#### Exercise goal
Give back exactly the lines of the data below, starting with the line that has "S &, forall" and going on through the line that has "have extend c".

#### Records for this task

· · ·

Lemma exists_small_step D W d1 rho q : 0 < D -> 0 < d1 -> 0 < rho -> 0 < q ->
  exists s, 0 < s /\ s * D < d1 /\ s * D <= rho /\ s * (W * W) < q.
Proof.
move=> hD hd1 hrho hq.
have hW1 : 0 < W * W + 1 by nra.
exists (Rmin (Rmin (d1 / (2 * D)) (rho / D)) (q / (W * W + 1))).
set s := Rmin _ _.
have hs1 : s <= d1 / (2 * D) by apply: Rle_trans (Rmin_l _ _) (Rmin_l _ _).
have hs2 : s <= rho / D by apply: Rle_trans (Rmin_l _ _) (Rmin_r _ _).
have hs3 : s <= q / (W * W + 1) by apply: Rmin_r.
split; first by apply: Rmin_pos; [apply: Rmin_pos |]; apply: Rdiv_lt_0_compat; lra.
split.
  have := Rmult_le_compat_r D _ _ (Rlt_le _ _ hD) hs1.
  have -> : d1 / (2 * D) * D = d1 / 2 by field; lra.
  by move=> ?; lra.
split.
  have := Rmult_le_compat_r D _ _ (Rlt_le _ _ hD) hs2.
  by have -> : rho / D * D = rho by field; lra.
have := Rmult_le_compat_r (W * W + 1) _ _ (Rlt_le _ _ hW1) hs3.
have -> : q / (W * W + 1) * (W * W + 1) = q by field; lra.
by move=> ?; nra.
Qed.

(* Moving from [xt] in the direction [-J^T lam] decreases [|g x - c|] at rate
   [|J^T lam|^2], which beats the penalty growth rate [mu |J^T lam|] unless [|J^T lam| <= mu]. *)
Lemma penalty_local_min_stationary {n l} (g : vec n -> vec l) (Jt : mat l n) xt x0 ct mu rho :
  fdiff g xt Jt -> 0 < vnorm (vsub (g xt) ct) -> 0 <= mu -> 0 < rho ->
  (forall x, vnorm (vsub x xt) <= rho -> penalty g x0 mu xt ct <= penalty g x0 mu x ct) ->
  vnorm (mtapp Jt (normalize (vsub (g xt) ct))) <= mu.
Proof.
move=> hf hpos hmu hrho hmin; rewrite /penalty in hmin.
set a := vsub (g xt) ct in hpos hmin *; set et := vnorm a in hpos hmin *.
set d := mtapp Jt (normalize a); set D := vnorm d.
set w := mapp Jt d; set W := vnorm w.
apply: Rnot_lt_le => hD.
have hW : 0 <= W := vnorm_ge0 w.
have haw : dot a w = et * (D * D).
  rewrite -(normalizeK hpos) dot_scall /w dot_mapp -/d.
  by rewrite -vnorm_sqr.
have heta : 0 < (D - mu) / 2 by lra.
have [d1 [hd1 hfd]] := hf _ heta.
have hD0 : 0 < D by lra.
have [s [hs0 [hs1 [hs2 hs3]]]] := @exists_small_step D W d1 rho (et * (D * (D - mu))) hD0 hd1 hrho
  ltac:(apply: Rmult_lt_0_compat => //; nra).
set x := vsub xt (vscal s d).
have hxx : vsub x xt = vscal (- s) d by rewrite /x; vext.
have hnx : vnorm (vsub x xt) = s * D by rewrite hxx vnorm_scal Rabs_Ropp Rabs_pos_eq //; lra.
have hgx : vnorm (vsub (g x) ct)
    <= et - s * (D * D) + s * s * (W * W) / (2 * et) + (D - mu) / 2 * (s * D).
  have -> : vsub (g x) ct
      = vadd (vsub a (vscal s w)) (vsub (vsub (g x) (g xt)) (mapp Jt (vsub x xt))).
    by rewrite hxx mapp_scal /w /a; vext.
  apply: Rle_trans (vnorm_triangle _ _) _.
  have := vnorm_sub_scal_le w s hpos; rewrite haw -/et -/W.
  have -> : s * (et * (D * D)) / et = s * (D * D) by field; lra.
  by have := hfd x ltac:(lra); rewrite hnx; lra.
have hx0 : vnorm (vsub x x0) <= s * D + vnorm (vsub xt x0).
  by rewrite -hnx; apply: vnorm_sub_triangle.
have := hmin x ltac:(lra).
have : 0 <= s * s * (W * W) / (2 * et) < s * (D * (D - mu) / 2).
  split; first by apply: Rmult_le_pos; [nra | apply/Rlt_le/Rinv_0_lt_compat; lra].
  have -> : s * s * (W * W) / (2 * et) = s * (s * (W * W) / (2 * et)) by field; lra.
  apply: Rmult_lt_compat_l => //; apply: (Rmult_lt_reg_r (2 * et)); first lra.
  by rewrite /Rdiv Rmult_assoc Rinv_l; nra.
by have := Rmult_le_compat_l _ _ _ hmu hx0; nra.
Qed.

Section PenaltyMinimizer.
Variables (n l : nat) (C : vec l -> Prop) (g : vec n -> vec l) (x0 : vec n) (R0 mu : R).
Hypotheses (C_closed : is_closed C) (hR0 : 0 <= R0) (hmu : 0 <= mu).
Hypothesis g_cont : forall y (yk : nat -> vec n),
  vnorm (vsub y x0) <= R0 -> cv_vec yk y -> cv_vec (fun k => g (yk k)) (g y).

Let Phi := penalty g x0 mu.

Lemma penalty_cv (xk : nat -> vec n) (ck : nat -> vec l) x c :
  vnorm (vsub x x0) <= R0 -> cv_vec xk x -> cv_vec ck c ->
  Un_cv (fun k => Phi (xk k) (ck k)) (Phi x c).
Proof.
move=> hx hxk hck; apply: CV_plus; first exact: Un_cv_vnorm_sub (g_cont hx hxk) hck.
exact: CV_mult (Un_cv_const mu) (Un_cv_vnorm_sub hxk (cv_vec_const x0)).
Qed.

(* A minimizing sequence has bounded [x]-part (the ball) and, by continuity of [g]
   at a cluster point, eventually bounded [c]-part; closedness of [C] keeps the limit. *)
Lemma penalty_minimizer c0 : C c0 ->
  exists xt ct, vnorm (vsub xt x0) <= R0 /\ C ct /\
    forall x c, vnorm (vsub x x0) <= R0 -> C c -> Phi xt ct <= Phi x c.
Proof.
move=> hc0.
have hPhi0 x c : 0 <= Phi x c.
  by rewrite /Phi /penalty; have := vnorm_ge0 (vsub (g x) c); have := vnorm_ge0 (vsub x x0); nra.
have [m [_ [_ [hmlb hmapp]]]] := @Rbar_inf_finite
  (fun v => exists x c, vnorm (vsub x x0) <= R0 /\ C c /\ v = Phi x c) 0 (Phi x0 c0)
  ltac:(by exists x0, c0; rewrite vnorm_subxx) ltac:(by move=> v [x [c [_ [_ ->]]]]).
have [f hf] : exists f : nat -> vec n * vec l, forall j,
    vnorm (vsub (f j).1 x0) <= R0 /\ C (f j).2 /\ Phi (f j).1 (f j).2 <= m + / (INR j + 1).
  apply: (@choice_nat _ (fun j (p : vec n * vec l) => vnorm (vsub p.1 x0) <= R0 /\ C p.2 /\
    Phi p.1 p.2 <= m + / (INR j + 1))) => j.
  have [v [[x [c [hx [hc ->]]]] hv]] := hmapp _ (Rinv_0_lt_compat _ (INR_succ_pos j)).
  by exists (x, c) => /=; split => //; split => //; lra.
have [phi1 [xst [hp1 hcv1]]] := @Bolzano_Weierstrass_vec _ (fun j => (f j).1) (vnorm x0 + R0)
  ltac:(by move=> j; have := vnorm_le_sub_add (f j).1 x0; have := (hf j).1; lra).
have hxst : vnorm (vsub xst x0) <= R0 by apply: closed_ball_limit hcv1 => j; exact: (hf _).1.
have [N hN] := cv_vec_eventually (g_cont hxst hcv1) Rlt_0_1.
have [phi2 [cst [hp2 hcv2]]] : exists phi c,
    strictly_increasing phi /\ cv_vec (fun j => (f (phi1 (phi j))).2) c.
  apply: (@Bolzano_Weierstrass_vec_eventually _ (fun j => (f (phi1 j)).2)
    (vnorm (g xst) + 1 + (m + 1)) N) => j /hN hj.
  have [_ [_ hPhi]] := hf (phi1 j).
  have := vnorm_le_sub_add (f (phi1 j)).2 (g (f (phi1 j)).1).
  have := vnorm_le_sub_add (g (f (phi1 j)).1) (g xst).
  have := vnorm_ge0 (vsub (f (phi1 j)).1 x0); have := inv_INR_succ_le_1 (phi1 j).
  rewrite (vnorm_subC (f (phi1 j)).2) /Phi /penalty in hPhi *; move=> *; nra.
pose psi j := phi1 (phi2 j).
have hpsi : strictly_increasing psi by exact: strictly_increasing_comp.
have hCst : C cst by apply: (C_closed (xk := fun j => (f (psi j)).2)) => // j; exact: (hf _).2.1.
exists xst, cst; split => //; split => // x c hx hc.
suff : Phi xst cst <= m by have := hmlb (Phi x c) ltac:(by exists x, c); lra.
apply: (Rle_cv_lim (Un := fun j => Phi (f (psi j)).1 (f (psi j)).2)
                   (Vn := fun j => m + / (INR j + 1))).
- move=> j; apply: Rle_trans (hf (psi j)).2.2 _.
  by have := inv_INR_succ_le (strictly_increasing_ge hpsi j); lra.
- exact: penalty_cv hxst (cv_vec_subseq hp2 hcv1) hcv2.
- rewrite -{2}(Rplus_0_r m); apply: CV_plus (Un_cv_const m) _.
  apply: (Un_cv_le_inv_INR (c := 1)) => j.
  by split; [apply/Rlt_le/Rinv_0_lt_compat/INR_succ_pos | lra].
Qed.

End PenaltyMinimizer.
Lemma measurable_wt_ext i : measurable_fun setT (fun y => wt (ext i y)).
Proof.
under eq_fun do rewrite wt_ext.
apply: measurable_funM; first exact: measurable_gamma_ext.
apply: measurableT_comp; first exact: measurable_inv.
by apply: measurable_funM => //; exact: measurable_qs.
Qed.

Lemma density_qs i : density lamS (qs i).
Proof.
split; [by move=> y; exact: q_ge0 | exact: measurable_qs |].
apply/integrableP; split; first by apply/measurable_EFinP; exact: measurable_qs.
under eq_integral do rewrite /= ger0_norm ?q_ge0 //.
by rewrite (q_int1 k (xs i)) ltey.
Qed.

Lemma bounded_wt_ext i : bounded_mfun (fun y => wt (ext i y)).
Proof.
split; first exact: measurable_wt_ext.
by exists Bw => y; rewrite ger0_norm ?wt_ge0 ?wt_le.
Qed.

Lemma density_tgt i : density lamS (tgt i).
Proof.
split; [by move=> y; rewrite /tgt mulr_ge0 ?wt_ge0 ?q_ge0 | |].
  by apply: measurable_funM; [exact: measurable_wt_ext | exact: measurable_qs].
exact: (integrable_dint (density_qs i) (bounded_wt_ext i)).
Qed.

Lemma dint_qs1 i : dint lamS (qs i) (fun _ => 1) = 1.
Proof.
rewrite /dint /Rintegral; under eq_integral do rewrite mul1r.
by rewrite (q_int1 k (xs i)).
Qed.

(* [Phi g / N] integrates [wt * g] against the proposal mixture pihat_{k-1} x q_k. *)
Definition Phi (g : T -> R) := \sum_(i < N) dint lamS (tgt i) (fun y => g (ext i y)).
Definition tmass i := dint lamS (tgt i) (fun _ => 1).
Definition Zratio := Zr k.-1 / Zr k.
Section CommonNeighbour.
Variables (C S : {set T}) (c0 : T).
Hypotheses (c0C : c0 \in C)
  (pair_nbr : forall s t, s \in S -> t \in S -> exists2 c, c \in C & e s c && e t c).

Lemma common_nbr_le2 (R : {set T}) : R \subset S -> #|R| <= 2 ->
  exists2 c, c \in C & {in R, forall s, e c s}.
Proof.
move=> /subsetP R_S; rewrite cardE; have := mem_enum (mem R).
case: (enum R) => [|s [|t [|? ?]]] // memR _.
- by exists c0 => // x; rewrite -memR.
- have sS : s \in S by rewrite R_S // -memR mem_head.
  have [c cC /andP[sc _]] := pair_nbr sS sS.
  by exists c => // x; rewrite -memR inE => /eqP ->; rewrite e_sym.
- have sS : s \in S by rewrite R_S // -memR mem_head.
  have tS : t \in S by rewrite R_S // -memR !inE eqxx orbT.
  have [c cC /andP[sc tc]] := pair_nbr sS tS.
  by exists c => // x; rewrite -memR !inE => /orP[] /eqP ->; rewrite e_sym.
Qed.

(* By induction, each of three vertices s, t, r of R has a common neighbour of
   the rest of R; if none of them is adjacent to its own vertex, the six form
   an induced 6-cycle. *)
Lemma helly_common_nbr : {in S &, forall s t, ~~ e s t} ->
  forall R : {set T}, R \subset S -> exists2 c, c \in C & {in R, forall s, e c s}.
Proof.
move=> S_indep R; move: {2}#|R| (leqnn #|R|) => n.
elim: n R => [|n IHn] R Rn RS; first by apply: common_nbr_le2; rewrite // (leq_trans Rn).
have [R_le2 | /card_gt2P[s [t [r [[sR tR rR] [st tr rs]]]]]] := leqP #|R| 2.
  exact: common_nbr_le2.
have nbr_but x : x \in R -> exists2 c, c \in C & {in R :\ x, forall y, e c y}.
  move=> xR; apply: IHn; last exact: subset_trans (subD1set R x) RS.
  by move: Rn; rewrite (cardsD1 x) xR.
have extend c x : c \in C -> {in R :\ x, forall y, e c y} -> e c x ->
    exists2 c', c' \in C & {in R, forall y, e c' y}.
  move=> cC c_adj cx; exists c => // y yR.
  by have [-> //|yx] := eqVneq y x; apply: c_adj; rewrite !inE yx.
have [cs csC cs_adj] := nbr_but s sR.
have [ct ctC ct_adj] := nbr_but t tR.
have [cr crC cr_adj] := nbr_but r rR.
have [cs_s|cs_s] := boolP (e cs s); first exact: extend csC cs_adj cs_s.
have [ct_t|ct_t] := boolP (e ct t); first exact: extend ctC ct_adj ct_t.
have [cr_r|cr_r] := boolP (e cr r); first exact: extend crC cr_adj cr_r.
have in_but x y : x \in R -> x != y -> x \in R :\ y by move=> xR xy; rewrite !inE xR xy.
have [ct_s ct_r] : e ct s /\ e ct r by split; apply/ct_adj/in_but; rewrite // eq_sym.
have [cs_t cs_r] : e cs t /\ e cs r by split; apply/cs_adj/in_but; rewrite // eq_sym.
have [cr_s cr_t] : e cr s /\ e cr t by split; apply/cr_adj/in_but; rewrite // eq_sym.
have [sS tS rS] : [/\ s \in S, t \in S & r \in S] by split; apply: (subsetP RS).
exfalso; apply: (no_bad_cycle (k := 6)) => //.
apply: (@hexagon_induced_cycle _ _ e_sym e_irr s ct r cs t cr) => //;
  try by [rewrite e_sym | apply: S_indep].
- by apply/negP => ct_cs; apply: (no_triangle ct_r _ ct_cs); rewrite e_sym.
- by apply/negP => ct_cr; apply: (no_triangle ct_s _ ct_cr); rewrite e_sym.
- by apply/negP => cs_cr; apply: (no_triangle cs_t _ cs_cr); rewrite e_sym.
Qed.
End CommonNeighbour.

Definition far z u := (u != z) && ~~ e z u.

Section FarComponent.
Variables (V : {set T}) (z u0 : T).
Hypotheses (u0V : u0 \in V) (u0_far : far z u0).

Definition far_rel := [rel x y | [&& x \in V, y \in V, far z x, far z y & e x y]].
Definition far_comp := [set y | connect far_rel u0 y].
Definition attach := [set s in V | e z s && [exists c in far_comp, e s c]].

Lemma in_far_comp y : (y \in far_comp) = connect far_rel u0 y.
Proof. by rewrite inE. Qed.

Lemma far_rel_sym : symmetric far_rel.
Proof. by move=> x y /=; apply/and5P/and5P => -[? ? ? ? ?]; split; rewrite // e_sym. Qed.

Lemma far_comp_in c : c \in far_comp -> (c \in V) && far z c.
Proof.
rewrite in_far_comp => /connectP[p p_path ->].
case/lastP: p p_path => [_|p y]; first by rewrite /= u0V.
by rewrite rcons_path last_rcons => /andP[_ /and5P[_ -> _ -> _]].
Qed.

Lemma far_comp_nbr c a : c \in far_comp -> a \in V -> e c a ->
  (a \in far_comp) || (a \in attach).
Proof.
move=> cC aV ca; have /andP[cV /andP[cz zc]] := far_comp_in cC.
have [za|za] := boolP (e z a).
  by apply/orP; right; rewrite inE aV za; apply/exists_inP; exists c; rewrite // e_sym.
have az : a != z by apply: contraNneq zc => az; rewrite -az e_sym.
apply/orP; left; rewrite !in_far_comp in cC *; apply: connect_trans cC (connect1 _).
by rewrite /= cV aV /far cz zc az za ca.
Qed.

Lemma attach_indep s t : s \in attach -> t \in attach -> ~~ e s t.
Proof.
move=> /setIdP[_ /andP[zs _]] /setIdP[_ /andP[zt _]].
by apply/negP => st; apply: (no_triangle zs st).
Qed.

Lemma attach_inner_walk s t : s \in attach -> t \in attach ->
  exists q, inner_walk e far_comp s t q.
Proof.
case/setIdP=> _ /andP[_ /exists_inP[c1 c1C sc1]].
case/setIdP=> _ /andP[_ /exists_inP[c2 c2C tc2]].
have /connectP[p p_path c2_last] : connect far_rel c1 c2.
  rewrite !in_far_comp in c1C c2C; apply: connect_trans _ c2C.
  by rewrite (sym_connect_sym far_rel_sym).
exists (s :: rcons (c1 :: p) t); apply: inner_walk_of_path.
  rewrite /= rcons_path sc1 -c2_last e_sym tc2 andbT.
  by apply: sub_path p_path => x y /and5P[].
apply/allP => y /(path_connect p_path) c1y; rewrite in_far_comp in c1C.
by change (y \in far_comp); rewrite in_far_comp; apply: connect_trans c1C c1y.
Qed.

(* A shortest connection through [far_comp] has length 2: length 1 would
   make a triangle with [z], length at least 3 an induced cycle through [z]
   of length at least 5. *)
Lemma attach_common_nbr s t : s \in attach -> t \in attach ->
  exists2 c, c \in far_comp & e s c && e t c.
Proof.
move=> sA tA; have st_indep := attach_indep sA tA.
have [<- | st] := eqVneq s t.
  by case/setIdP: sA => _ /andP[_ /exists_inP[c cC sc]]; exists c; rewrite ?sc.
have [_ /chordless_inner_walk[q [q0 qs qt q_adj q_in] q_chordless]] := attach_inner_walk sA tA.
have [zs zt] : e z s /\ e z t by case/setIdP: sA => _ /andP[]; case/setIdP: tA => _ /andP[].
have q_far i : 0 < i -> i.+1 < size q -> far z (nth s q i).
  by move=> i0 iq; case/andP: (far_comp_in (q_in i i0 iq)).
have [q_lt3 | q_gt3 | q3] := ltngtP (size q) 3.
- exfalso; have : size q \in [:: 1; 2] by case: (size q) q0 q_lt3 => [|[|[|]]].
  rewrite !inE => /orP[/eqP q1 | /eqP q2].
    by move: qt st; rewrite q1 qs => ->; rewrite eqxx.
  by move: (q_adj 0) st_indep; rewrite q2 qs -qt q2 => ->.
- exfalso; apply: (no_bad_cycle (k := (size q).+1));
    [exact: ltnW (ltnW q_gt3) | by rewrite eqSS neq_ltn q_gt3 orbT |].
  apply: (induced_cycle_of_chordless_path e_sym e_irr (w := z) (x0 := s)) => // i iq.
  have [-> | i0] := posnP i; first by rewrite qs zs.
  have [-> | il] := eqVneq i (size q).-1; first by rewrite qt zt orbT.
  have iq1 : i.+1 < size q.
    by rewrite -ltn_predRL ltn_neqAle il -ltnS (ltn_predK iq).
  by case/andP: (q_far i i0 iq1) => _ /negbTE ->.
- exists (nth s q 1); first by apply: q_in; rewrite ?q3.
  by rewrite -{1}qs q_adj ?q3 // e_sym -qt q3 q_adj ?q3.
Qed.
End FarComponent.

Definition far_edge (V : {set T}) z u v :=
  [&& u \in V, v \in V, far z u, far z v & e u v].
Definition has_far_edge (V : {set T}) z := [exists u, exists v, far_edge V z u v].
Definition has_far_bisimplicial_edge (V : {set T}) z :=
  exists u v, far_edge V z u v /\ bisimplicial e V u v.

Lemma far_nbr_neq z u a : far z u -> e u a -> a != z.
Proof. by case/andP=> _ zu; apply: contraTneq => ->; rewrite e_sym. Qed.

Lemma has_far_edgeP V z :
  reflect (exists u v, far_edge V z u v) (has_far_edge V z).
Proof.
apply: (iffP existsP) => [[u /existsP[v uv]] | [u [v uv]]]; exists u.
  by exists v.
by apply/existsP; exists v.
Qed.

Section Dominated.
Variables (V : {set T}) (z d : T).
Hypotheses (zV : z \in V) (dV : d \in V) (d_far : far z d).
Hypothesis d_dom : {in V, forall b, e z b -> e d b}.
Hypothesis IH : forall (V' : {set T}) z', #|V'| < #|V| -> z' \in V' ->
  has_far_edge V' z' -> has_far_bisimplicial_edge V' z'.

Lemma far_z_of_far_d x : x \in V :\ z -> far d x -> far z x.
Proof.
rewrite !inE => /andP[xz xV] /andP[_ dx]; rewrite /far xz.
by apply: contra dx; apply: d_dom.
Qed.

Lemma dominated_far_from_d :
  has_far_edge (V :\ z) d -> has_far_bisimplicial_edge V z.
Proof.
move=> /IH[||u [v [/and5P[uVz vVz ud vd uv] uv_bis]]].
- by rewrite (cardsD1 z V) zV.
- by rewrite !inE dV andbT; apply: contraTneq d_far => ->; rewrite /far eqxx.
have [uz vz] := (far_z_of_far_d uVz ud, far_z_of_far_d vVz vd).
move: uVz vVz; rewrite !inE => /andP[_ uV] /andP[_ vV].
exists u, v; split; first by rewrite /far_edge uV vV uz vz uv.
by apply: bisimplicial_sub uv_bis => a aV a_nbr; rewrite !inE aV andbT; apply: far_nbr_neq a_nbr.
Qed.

· · ·

#### Response to the task
Lemma helly_common_nbr : {in S &, forall s t, ~~ e s t} ->
  forall R : {set T}, R \subset S -> exists2 c, c \in C & {in R, forall s, e c s}.
Proof.
move=> S_indep R; move: {2}#|R| (leqnn #|R|) => n.
elim: n R => [|n IHn] R Rn RS; first by apply: common_nbr_le2; rewrite // (leq_trans Rn).
have [R_le2 | /card_gt2P[s [t [r [[sR tR rR] [st tr rs]]]]]] := leqP #|R| 2.
  exact: common_nbr_le2.
have nbr_but x : x \in R -> exists2 c, c \in C & {in R :\ x, forall y, e c y}.
  move=> xR; apply: IHn; last exact: subset_trans (subD1set R x) RS.
  by move: Rn; rewrite (cardsD1 x) xR.
have extend c x : c \in C -> {in R :\ x, forall y, e c y} -> e c x ->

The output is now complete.